MATERIAL FOR THIS EXERCISE:
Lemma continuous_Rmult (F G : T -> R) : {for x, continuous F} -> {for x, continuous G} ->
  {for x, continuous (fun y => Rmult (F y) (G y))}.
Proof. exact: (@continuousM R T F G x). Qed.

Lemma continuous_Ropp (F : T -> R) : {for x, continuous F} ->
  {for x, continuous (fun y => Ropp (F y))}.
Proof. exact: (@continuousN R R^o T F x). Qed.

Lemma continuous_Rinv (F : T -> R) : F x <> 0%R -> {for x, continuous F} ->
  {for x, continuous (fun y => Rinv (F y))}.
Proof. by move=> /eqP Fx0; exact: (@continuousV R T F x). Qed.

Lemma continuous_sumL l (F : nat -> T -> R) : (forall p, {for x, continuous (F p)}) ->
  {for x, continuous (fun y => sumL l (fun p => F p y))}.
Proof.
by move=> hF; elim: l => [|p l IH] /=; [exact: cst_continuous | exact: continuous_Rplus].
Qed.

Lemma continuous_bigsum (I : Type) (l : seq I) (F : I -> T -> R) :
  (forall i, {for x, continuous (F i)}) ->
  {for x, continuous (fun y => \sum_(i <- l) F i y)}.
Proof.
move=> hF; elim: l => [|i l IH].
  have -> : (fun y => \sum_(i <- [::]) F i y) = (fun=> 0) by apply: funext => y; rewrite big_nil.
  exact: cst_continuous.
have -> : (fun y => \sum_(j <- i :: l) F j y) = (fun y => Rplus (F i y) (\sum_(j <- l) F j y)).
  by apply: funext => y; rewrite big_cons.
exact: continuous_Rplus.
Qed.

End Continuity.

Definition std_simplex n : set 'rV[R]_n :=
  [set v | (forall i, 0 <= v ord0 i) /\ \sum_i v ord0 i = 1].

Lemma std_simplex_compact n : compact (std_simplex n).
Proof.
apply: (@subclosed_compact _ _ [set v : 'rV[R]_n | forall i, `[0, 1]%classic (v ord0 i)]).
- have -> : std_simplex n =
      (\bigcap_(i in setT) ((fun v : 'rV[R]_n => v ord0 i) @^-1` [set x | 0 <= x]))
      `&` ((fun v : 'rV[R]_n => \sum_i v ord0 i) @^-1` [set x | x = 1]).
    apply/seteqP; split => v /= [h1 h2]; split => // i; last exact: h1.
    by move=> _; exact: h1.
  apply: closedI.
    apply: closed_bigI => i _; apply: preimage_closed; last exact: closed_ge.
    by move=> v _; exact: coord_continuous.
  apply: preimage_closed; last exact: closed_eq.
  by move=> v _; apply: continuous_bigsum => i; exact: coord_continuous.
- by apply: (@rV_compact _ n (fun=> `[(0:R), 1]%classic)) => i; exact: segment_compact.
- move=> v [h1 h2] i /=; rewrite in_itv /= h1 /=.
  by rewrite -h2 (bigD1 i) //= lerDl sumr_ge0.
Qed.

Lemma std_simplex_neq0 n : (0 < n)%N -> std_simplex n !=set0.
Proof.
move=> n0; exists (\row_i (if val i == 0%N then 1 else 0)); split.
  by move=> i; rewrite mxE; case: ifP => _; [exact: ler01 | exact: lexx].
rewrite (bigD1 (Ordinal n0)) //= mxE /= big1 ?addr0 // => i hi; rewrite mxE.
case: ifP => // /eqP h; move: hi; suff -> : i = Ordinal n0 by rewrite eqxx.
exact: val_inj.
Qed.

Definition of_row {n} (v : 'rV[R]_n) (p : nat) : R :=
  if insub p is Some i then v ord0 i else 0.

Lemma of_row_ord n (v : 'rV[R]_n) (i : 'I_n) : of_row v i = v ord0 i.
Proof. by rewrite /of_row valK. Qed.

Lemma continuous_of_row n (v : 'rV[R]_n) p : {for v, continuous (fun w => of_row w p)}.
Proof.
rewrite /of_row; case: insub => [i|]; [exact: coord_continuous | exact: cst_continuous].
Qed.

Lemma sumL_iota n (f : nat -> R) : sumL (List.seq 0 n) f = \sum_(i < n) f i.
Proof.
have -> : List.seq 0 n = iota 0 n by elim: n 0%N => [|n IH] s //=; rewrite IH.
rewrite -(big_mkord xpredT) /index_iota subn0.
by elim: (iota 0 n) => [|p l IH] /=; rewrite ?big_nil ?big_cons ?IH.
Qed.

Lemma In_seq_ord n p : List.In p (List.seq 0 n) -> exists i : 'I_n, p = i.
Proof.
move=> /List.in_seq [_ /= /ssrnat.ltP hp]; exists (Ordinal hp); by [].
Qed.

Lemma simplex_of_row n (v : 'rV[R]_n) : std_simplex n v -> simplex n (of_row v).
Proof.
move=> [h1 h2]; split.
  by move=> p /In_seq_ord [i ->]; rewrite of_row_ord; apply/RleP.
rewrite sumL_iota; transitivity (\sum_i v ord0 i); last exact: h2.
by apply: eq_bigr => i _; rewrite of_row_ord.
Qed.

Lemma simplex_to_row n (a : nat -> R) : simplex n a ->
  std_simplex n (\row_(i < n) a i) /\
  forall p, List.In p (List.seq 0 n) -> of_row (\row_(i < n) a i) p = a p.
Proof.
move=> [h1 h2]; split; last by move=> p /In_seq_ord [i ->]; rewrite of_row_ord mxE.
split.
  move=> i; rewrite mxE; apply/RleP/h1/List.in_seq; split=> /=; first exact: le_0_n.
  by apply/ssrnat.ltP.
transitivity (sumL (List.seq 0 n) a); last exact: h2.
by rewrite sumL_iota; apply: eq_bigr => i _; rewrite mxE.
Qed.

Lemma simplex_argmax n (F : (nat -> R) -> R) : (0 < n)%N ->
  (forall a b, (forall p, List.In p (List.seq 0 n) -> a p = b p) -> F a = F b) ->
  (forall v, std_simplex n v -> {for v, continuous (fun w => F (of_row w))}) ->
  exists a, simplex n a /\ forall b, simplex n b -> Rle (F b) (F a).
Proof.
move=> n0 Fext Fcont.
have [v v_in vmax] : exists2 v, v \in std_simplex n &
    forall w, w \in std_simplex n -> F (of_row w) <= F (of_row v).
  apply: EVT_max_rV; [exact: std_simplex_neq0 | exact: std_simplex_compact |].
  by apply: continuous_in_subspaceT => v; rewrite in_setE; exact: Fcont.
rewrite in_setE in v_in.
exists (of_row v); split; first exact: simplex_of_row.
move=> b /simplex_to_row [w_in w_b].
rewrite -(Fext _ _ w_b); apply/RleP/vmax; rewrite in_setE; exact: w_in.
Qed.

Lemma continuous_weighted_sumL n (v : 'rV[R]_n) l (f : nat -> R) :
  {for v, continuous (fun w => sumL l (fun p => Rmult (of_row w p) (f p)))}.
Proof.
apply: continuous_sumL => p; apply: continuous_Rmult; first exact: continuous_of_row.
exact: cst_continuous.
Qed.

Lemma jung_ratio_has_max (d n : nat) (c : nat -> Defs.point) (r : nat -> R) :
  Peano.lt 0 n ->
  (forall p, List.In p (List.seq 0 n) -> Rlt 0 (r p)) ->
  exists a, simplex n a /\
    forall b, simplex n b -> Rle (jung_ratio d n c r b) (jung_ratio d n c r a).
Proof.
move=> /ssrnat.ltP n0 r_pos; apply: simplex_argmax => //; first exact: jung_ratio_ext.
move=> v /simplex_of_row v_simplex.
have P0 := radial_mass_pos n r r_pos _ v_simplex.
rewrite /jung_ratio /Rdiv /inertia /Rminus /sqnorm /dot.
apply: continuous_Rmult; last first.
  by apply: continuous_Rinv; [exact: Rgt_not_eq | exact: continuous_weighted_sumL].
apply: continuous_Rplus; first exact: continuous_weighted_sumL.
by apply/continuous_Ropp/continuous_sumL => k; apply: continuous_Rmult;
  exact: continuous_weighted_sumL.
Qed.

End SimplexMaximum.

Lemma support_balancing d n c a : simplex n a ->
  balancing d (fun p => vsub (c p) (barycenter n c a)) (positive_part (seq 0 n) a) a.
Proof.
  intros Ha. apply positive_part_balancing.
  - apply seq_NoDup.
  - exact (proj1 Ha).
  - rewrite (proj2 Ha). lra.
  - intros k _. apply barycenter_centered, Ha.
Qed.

WHAT THE EXERCISE ASKS:
Using the listing above, find how many lines include "then"; reply with the number and no other words.

RESULT BELOW:
2